_Provided records_.
··········

Lemma psd_qform_ge0 n (M : 'M[R]_n) u : M^T = M -> psd M -> 0 <= qform (mC M) u.
Proof.
move=> sM pM; have [U [r [uU eM eigM]]] := sym_spectral sM.
rewrite eM qform_congr qform_diag_ge0 // => j; rewrite mxE ler0c.
by apply: (psd_eigenvalue_ge0 pM); apply/eigM; exists j.
Qed.

Lemma qform_le_lambda1 n (M : 'M[R]_n) u : M^T = M ->
  qform (mC M) u <= (lambda1 M)%:C * qform 1%:M u.
Proof.
move=> sM; have [U [r [uU eM eigM]]] := sym_spectral sM.
rewrite eM qform_congr -(qform1_unitary u uU) qform_diag_le // => j; rewrite mxE lecR.
apply: sup_upper_bound; last by apply/eigM; exists j.
split; first by exists (r j); apply/eigM; exists j.
exists (\sum_k `|r k|) => _ /eigM[k ->].
by rewrite (le_trans (ler_norm _)) // (bigD1 k) //= lerDl sumr_ge0.
Qed.

Lemma posdef_det_gt0 n (M : 'M[R]_n) : M^T = M -> posdefmx (mC M) -> 0 < \det M.
Proof.
move=> sM pM; have [U [r [uU eM _]]] := sym_spectral sM.
have r_gt0 j : 0 < r j.
  have := pM _ (row_unitary_neq0 j uU).
  by rewrite qform_row eM unitary_diag_congr // mxE eqxx mulr1n mxE ltcR.
have : (\det M)%:C = \prod_j (r j)%:C.
  by rewrite -det_map_mx eM det_unitary_diag //; apply: eq_bigr => j _; rewrite mxE.
by rewrite -rmorph_prod => /complexI ->; apply: prodr_gt0.
Qed.

Definition logdet_trinv n (A : 'M[R]_n) : R := ln (\det A) + \tr (invmx A).

Lemma logdet_trinv_decomp n (A B : 'M[R]_n) : A^T = A -> B^T = B ->
  posdefmx (mC A) -> loewner_le (mC A) (mC B) -> loewner_le (mC B) 1%:M ->
  exists c g : 'I_n -> R, [/\ forall j, 0 < c j <= 1, forall j, 1 <= g j,
    logdet_trinv A = logdet_trinv B + \sum_j logdet_gap (c j) (g j) &
    (forall j, c j = 1) -> A = B].
Proof.
move=> sA sB pA AB B1.
have pB : posdefmx (mC B) by move=> u u0; exact: lt_le_trans (pA u u0) (AB u).
have [H [d [HB HA]]] := simultaneous_diag (sym_hermsymmx sA) (sym_hermsymmx sB) pB.
have rowH0 j : row j H != 0.
  apply: contraPneq (qform_row_congr1 HB j) => ->.
  by rewrite qform0 => /esym/eqP; rewrite oner_eq0.
have d_gt0 j : 0 < d 0 j by rewrite -(qform_row_congr_diag HA) pA.
have d_le1 j : d 0 j <= 1.
  by rewrite -(qform_row_congr_diag HA) -(qform_row_congr1 HB j) AB.
have q_ge1 j : 1 <= qform 1%:M (row j H) by have := B1 (row j H); rewrite qform_row_congr1.
pose c j := complex.Re (d 0 j); pose g j := complex.Re (qform 1%:M (row j H)).
have cE j : d 0 j = (c j)%:C by apply/esym/RRe_real/ger0_real/ltW.
have gE j : qform 1%:M (row j H) = (g j)%:C.
  by apply/esym/RRe_real/ger0_real/(le_trans ler01).
have detA : \det A = \prod_j c j * \det B.
  apply: (@complexI R); rewrite rmorphM rmorph_prod -!det_map_mx (det_congr_diag HB HA).
  by congr (_ * _); apply: eq_bigr => j _; rewrite cE.
have trA : \tr (invmx A) = \sum_j (c j)^-1 * g j.
  apply: (@complexI R); rewrite -mxtrace_map map_invmx rmorph_sum.
  rewrite (mxtrace_invmx_congr_diag HB HA) => [|j]; last by rewrite lt0r_neq0.
  by apply: eq_bigr => j _; rewrite rmorphM fmorphV cE gE.
have trB : \tr (invmx B) = \sum_j g j.
  apply: (@complexI R); rewrite -mxtrace_map map_invmx rmorph_sum.
  by rewrite (mxtrace_invmx_congr1 HB); apply: eq_bigr => j _; rewrite gE.
exists c, g; split.
- by move=> j; rewrite -ltcR -lecR -cE d_gt0 d_le1.
- by move=> j; rewrite -lecR -gE q_ge1.
- have -> : \sum_j logdet_gap (c j) (g j) =
            \sum_j ln (c j) + \sum_j (c j)^-1 * g j - \sum_j g j.
    by rewrite -big_split -sumrB; apply: eq_bigr => j _; rewrite /logdet_gap /=; ring.
  have c_gt0 j : 0 < c j by rewrite -ltcR -cE.
  rewrite /logdet_trinv detA trA trB lnM ?posrE ?prodr_gt0 ?posdef_det_gt0 //.
  by rewrite ln_prod //; ring.
- move=> c1; apply: map_mx_inj.
  by apply: (congr_diag1_eq HB HA) => j; rewrite cE c1.
Qed.

Lemma logdet_trinv_antitone n (A B : 'M[R]_n) : A^T = A -> B^T = B ->
  posdefmx (mC A) -> loewner_le (mC A) (mC B) -> loewner_le (mC B) 1%:M ->
  logdet_trinv B <= logdet_trinv A /\ (A != B -> logdet_trinv B < logdet_trinv A).
Proof.
move=> sA sB pA AB B1; have [c [g [c01 g1 -> c1]]] := logdet_trinv_decomp sA sB pA AB B1.
have gap_ge0 j : 0 <= logdet_gap (c j) (g j) by apply: logdet_gap_ge0.
rewrite lerDl sumr_ge0 //; split => // AneB.
have [j cj_lt1] : exists j, c j < 1.
  apply/existsP; apply: contraNT AneB => /existsPn cj_ge1; apply/eqP/c1 => j.
  by have /andP[_] := c01 j; rewrite le_eqVlt (negbTE (cj_ge1 j)) orbF => /eqP.
have cj : 0 < c j < 1 by have /andP[-> _] := c01 j.
rewrite ltrDl (bigD1 j) //=; apply: lt_le_trans (logdet_gap_gt0 cj (g1 j)) _.
by rewrite lerDl sumr_ge0.
Qed.

Lemma psd_loewner_le n (A B : 'M[R]_n) : A^T = A -> B^T = B -> psd (B - A) ->
  loewner_le (mC A) (mC B).
Proof.
move=> sA sB pBA u; rewrite -subr_ge0 -qformB -map_mxB psd_qform_ge0 //.
by rewrite linearB /= sA sB.
Qed.

Lemma posdef_1_subZ n (P : 'M[R]_n) t : P^T = P -> 0 <= t -> t * lambda1 P < 1 ->
  posdefmx (mC (1%:M - t *: P)).
Proof.
move=> sP t0 tl u u0; rewrite map_mxB map_mx1 map_mxZ qformB qformZ subr_gt0.
apply: le_lt_trans (ler_wpM2l _ (qform_le_lambda1 u sP)) _; first by rewrite ler0c.
by rewrite mulrA -[X in _ < X]mul1r ltr_pM2r ?qform1_gt0 // -rmorphM ltcR.
Qed.

Lemma psdZ n (P : 'M[R]_n) t : 0 <= t -> psd P -> psd (t *: P).
Proof. by move=> t0 pP v; rewrite -scalemxAr -scalemxAl mxE mulr_ge0. Qed.

Lemma gammaE n t (P : 'M[R]_n) :
  gamma t P = (logdet_trinv (1%:M - t *: P) - n%:R) / 2.
Proof. by []. Qed.

Lemma gammaZ n t (P : 'M[R]_n) : gamma t P = gamma 1 (t *: P).
Proof. by rewrite /gamma scale1r. Qed.

Lemma gamma0 n (P : 'M[R]_n) : gamma 0 P = 0.
Proof. by rewrite gammaE scale0r subr0 /logdet_trinv det1 ln1 invmx1 mxtrace1 add0r subrr mul0r. Qed.

Lemma gamma1_le n (X Y : 'M[R]_n) : X^T = X -> Y^T = Y ->
  psd X -> psd (Y - X) -> posdefmx (mC (1%:M - Y)) ->
  gamma 1 X <= gamma 1 Y /\ (X != Y -> gamma 1 X < gamma 1 Y).
Proof.
move=> sX sY pX pYX pY.
have s1 (Z : 'M[R]_n) : Z^T = Z -> (1%:M - Z)^T = 1%:M - Z by move=> sZ; rewrite linearB /= trmx1 sZ.
have pXY : psd ((1%:M - X) - (1%:M - Y)) by rewrite opprB addrC addrA subrK.
have p1X : psd (1%:M - (1%:M - X)) by rewrite subKr.
have B1 : loewner_le (mC (1%:M - X)) 1%:M.
  by have := psd_loewner_le (s1 _ sX) (trmx1 _ _) p1X; rewrite map_mx1.
have [le lt] := logdet_trinv_antitone (s1 _ sY) (s1 _ sX) pY
  (psd_loewner_le (s1 _ sY) (s1 _ sX) pXY) B1.
rewrite !gammaE !scale1r !ler_pM2r ?ltr_pM2r ?lerD2r ?ltrD2r //; split => // XY.
by apply: lt; apply: contra_neq XY => /subrI.
Qed.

··········

_Work to be completed_.
Extract all lines from the data in which "andP" is found.

_Task result_.
  by have /andP[_] := c01 j; rewrite le_eqVlt (negbTE (cj_ge1 j)) orbF => /eqP.
have cj : 0 < c j < 1 by have /andP[-> _] := c01 j.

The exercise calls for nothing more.